## RECORDS TO PROCESS
········

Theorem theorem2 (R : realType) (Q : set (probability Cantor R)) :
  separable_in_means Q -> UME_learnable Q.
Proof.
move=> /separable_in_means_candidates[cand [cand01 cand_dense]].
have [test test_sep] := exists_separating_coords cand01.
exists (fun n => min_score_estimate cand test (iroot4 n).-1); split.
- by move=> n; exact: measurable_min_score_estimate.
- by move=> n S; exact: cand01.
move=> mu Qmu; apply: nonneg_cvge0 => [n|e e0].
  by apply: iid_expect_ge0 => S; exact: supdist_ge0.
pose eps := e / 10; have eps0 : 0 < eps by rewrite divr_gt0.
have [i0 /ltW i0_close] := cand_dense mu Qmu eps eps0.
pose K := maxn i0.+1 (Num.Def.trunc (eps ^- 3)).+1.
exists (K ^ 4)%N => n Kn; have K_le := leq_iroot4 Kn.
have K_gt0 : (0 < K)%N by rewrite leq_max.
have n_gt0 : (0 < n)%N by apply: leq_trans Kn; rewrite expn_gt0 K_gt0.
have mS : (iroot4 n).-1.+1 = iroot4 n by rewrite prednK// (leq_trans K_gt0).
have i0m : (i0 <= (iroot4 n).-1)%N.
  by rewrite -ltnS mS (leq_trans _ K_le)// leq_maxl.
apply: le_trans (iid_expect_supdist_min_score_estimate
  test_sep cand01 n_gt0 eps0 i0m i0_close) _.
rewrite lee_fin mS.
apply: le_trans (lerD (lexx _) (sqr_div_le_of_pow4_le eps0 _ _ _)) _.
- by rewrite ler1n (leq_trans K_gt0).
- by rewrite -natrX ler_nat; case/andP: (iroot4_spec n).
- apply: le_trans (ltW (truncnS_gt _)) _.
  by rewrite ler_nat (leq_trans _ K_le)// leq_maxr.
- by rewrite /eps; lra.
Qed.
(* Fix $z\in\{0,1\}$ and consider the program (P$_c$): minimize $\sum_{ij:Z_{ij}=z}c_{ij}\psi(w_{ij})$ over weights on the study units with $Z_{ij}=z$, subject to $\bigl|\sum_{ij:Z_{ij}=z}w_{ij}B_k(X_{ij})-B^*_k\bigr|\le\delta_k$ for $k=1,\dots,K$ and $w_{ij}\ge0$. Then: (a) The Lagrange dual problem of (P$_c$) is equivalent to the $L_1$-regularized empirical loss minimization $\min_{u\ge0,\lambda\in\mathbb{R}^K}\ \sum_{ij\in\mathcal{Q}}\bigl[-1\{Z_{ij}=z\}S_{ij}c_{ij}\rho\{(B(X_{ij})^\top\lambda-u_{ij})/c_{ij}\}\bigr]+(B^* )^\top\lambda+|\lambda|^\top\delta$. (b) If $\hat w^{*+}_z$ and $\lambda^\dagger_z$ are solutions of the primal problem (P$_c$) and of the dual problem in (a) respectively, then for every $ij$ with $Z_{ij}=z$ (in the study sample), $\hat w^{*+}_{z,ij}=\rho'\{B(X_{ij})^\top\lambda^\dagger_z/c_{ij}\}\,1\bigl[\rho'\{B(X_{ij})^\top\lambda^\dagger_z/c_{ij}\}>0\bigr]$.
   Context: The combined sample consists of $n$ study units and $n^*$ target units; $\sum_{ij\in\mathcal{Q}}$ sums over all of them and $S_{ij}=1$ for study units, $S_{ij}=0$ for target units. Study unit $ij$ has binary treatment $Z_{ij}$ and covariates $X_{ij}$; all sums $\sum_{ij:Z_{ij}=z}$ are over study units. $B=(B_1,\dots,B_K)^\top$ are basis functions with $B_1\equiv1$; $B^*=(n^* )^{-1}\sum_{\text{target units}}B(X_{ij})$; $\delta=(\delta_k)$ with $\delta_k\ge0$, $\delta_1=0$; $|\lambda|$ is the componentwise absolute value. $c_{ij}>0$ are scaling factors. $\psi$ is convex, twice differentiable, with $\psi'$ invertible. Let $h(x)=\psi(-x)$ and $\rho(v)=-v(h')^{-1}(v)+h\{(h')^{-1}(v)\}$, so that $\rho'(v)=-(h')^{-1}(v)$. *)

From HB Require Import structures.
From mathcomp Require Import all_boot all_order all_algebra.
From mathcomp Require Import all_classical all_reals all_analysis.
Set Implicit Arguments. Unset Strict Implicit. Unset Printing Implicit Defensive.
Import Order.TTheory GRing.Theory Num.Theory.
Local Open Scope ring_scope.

········

For every line in the material, write out an exact copy.

Theorem theorem2 (R : realType) (Q : set (probability Cantor R)) :
  separable_in_means Q -> UME_learnable Q.
Proof.
move=> /separable_in_means_candidates[cand [cand01 cand_dense]].
have [test test_sep] := exists_separating_coords cand01.
exists (fun n => min_score_estimate cand test (iroot4 n).-1); split.
- by move=> n; exact: measurable_min_score_estimate.
- by move=> n S; exact: cand01.
move=> mu Qmu; apply: nonneg_cvge0 => [n|e e0].
  by apply: iid_expect_ge0 => S; exact: supdist_ge0.
pose eps := e / 10; have eps0 : 0 < eps by rewrite divr_gt0.
have [i0 /ltW i0_close] := cand_dense mu Qmu eps eps0.
pose K := maxn i0.+1 (Num.Def.trunc (eps ^- 3)).+1.
exists (K ^ 4)%N => n Kn; have K_le := leq_iroot4 Kn.
have K_gt0 : (0 < K)%N by rewrite leq_max.
have n_gt0 : (0 < n)%N by apply: leq_trans Kn; rewrite expn_gt0 K_gt0.
have mS : (iroot4 n).-1.+1 = iroot4 n by rewrite prednK// (leq_trans K_gt0).
have i0m : (i0 <= (iroot4 n).-1)%N.
  by rewrite -ltnS mS (leq_trans _ K_le)// leq_maxl.
apply: le_trans (iid_expect_supdist_min_score_estimate
  test_sep cand01 n_gt0 eps0 i0m i0_close) _.
rewrite lee_fin mS.
apply: le_trans (lerD (lexx _) (sqr_div_le_of_pow4_le eps0 _ _ _)) _.
- by rewrite ler1n (leq_trans K_gt0).
- by rewrite -natrX ler_nat; case/andP: (iroot4_spec n).
- apply: le_trans (ltW (truncnS_gt _)) _.
  by rewrite ler_nat (leq_trans _ K_le)// leq_maxr.
- by rewrite /eps; lra.
Qed.
(* Fix $z\in\{0,1\}$ and consider the program (P$_c$): minimize $\sum_{ij:Z_{ij}=z}c_{ij}\psi(w_{ij})$ over weights on the study units with $Z_{ij}=z$, subject to $\bigl|\sum_{ij:Z_{ij}=z}w_{ij}B_k(X_{ij})-B^*_k\bigr|\le\delta_k$ for $k=1,\dots,K$ and $w_{ij}\ge0$. Then: (a) The Lagrange dual problem of (P$_c$) is equivalent to the $L_1$-regularized empirical loss minimization $\min_{u\ge0,\lambda\in\mathbb{R}^K}\ \sum_{ij\in\mathcal{Q}}\bigl[-1\{Z_{ij}=z\}S_{ij}c_{ij}\rho\{(B(X_{ij})^\top\lambda-u_{ij})/c_{ij}\}\bigr]+(B^* )^\top\lambda+|\lambda|^\top\delta$. (b) If $\hat w^{*+}_z$ and $\lambda^\dagger_z$ are solutions of the primal problem (P$_c$) and of the dual problem in (a) respectively, then for every $ij$ with $Z_{ij}=z$ (in the study sample), $\hat w^{*+}_{z,ij}=\rho'\{B(X_{ij})^\top\lambda^\dagger_z/c_{ij}\}\,1\bigl[\rho'\{B(X_{ij})^\top\lambda^\dagger_z/c_{ij}\}>0\bigr]$.
   Context: The combined sample consists of $n$ study units and $n^*$ target units; $\sum_{ij\in\mathcal{Q}}$ sums over all of them and $S_{ij}=1$ for study units, $S_{ij}=0$ for target units. Study unit $ij$ has binary treatment $Z_{ij}$ and covariates $X_{ij}$; all sums $\sum_{ij:Z_{ij}=z}$ are over study units. $B=(B_1,\dots,B_K)^\top$ are basis functions with $B_1\equiv1$; $B^*=(n^* )^{-1}\sum_{\text{target units}}B(X_{ij})$; $\delta=(\delta_k)$ with $\delta_k\ge0$, $\delta_1=0$; $|\lambda|$ is the componentwise absolute value. $c_{ij}>0$ are scaling factors. $\psi$ is convex, twice differentiable, with $\psi'$ invertible. Let $h(x)=\psi(-x)$ and $\rho(v)=-v(h')^{-1}(v)+h\{(h')^{-1}(v)\}$, so that $\rho'(v)=-(h')^{-1}(v)$. *)

From HB Require Import structures.
From mathcomp Require Import all_boot all_order all_algebra.
From mathcomp Require Import all_classical all_reals all_analysis.
Set Implicit Arguments. Unset Strict Implicit. Unset Printing Implicit Defensive.
Import Order.TTheory GRing.Theory Num.Theory.
Local Open Scope ring_scope.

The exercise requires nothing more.